**BRIEF:**
Starting at the line that contains "(* the torus", output each line through the end of the data exactly, and nothing more.

[Records from a dataset]
(* Let $U>0$, $T\ge0$, $\mu\ge0$, and let $(\gamma,\alpha,\rho_0)$ be a minimizer of $\mathcal{F}$ over $\mathcal{D}$. If $\rho_0=0$ then $\|\gamma\|_{L^1}\ge \mu/(2U)$; if $\rho_0>0$ then $\|\gamma\|_{L^1}\le\mu/(2U)$. Furthermore, if $\mu\le0$, no minimizer has $\rho_0>0$.
   Context: Let $\mathbb{T}^3=[-\pi,\pi]^3$ with periodic identification and normalized Haar measure $dp$. Let $\varepsilon(p)=4\sum_{k=1}^3\sin^2(p_k/2)$. $\mathcal{D}=\{(\gamma,\alpha,\rho_0): \gamma\in L^1(\mathbb{T}^3),\ \gamma\ge0,\ \alpha^2\le\gamma(1+\gamma)\text{ a.e.},\ \rho_0\ge0\}$. With $\beta=\sqrt{(\tfrac12+\gamma)^2-\alpha^2}$, $S(\gamma,\alpha)=\int\big[(\beta+\tfrac12)\ln(\beta+\tfrac12)-(\beta-\tfrac12)\ln(\beta-\tfrac12)\big]dp$, and $\mathcal{F}(\gamma,\alpha,\rho_0)=\int(\varepsilon-\mu)\gamma\,dp-\mu\rho_0-TS(\gamma,\alpha)+\frac U2(\int\alpha)^2+U(\int\gamma)^2+U\rho_0\int\alpha+2U\rho_0\int\gamma+\frac U2\rho_0^2$ (integrals over $\mathbb{T}^3$; entropy term absent at $T=0$). A minimizer is a point of $\mathcal{D}$ attaining $\inf_{\mathcal{D}}\mathcal{F}$. *)

From mathcomp Require Import all_boot all_order all_algebra.
From mathcomp Require Import all_classical all_reals all_analysis.
Set Implicit Arguments. Unset Strict Implicit. Unset Printing Implicit Defensive.
Import Order.TTheory GRing.Theory Num.Theory.
Import numFieldNormedType.Exports.
Local Open Scope classical_set_scope.
Local Open Scope ring_scope.

Section BogoliubovDefs.
Context {R : realType}.

Definition pt := ((R * R) * R)%type.

Definition leb3 := ((@lebesgue_measure R \x @lebesgue_measure R) \x @lebesgue_measure R)%E.

(* the torus T^3 = [-pi,pi]^3 (the periodic identification is irrelevant for integrals) *)
Definition torus : set pt :=
  [set p | p.1.1 \in `[- pi, pi] /\ p.1.2 \in `[- pi, pi] /\ p.2 \in `[- pi, pi]].

(* integral w.r.t. the normalized Haar measure dp = dp / (2 pi)^3 *)
Definition tint (f : pt -> R) : R := ((2 * pi) ^+ 3)^-1 * Rintegral leb3 torus f.

Definition L1norm (f : pt -> R) : R := tint (fun p => `|f p|).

**WORKED SOLUTION:**
(* the torus T^3 = [-pi,pi]^3 (the periodic identification is irrelevant for integrals) *)
Definition torus : set pt :=
  [set p | p.1.1 \in `[- pi, pi] /\ p.1.2 \in `[- pi, pi] /\ p.2 \in `[- pi, pi]].

(* integral w.r.t. the normalized Haar measure dp = dp / (2 pi)^3 *)
Definition tint (f : pt -> R) : R := ((2 * pi) ^+ 3)^-1 * Rintegral leb3 torus f.

Definition L1norm (f : pt -> R) : R := tint (fun p => `|f p|).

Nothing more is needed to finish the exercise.